Tip: if you plan to use symbols of the same saturation in tables, you should pay attention to such fonts whose numbers have the same width, and where they are not duplicated by saturation (usual – bold).
In our collection Numbers there are fonts Indicia, Claimcheck, Revenue and Greenback, in which the numbers are the same width, the same with interesting figures in any saturation in the font Inkwell Blackletter.
Individual advertising and information materials of the brand
The last contribution to visual communication is usually done not by designers, but by software. Often these are text editors, spreadsheets and programs for creating presentations that should be spoken by the organization, but they lack the tools to do it properly. For such projects, we created Office Fonts.
Office fonts are an adaptation of frequently used fonts from H&Co, specially created for use in business solutions such as Word, Excel and PowerPoint. These are the same font families whose ScreenSmart The version is well used for small text and whose professional character sets are suitable even for the most complex data.
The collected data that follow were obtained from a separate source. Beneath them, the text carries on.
(* Let $X$ be the Brady complex and $x$ a vertex of $X$. Among the five Hamiltonian cycles of the link $L_x$, at most two are of the form $\Sigma\cap L_x$ for some Hamiltonian surface $\Sigma$ of $X$.
   Context: The Brady complex $X$ is the simply connected CAT(0) piecewise Euclidean 2-complex (constructed by T. Brady) on which $\mathrm{Aut}(F_2)$ acts properly and cocompactly by cellular isometries, transitively on vertices. Its closed 2-cells (faces) are unit equilateral triangles and unit lozenges (rhombi with angles $\pi/3$ and $2\pi/3$); every edge lies in exactly one triangle and two lozenges. The link $L_x$ of a vertex $x$ is the graph whose vertices are the edges of $X$ at $x$ and whose edges are the corners at $x$ of faces containing $x$; it is isomorphic to the Moebius ladder on four rungs (cubic graph on eight vertices), which has exactly five Hamiltonian cycles. A Hamiltonian surface in $X$ is a connected union $\Sigma$ of closed faces which is a surface without boundary, contains every vertex and every edge of $X$, and has no multiple vertex; $\Sigma\cap L_x$ denotes the set of corners at $x$ of faces of $\Sigma$, which is a Hamiltonian cycle of $L_x$. *)

From mathcomp Require Import all_boot.
From mathcomp Require Import finmap.
From Stdlib Require Import Relation_Operators.

Set Implicit Arguments.
Unset Strict Implicit.
Unset Printing Implicit Defensive.

Local Open Scope fset_scope.

(* a letter (g, s): g = false is a, g = true is b; s = true means inverse *)
Definition letter := (bool * bool)%type.
Definition word := seq letter.

Definition linv (l : letter) : letter := (l.1, ~~ l.2).

Definition reduce (w : word) : word :=
  foldr (fun l acc => match acc with
                      | l' :: acc' => if l' == linv l then acc' else l :: acc
                      | [::] => [:: l]
                      end) [::] w.

Definition reduced (w : word) : bool := reduce w == w.

Definition fmul (u v : word) : word := reduce (u ++ v).
Definition finv (u : word) : word := rev (map linv u).

Definition ga : word := [:: (false, false)].
Definition gb : word := [:: (true, false)].

Definition subst (u v : word) (w : word) : word :=
  reduce (flatten (map (fun l => let x := if l.1 then v else u in
                                 if l.2 then finv x else x) w)).

Definition is_basis (u v : word) : Prop :=
  [/\ reduced u, reduced v,
      (forall w1 w2, reduced w1 -> reduced w2 -> subst u v w1 = subst u v w2 -> w1 = w2)
    & (forall w, reduced w -> exists2 w', reduced w' & subst u v w' = w)].

(* vertices: bases up to signed permutation, encoded by {u, u^-1, v, v^-1} *)
Definition vtx := {fset word}.
Definition vert (u v : word) : vtx := [fset u; finv u; v; finv v].

Definition is_vertex (x : vtx) : Prop := exists u v, is_basis u v /\ x = vert u v.

(* edges: unordered pairs of vertices; the edges of X are the elementary
   Nielsen moves  {u, v} -- {u, uv} *)
Definition edge := {fset vtx}.
Definition mkedge (x y : vtx) : edge := [fset x; y].
Lemma payoff_dist_le d : `|a - payoff d| <= r1 ^+ d + r2 ^+ d.
Proof.
have p1_01 : 0 <= p1 <= 1 by apply/andP; split; move: p1_gt0 p1_lt; lra.
have p2_01 : 0 <= p2 <= 1 by apply/andP; split; move: p2_gt p2_lt1; lra.
rewrite mixture_payoff_half /mixture_payoff; set u := (d.+1 %/ 2)%N.
have M1_ge0 := majority_ge0 (2 * u) p1_01.
have M2_le1 := majority_le1 (2 * u) p2_01.
have M1_le : majority p1 (2 * u) <= r1 ^+ d.
  apply: le_trans (majority_even_le _ _) (expr_half_le_sqrt _ _).
    by apply/andP; split; move: p1_gt0 p1_lt; lra.
  by case/andP: var1_bounds => -> /ltW ->.
have M2_ge : 1 - majority p2 (2 * u) <= r2 ^+ d.
  apply: le_trans (majority_even_ge _ _) (expr_half_le_sqrt _ _).
    by apply/andP; split; move: p2_gt p2_lt1; lra.
  by case/andP: var2_bounds => -> /ltW ->.
by move: a_gt0 a_lt1; rewrite ler_norml; nra.
Qed.

Lemma payoff_cvg : payoff @ \oo --> a.
Proof.
have r_cvg : (fun d => r1 ^+ d + r2 ^+ d) @ \oo --> (0 : R).
  rewrite -[0 : R]addr0; apply: cvgD; apply: cvg_expr; apply: norm_sqrt_lt1.
    exact: var1_bounds.
  exact: var2_bounds.
move/cvgr0Pnorm_le in r_cvg; apply/cvgrPdist_le => e /r_cvg; apply: filterS => d /= r_le.
exact: le_trans (payoff_dist_le d) (le_trans (ler_norm _) r_le).
Qed.
End MixtureGame.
We rethought a set of Office fonts for use by non-designers, and limited each of the included family of fonts with just four shapes (direct, oblique, fat and bold oblique). In addition, this set contains only tabular figures to avoid typographical failures that might go unnoticed.
And yet these fonts are uploaded to the format TrueType For maximum compatibility, even with the oldest operating systems.
Tip: if the brand communications ultimately will occur through reports, proposals, regulations and presentations, it is better to develop these documents from the very beginning with Office fonts in order to take advantage of their unique characteristics.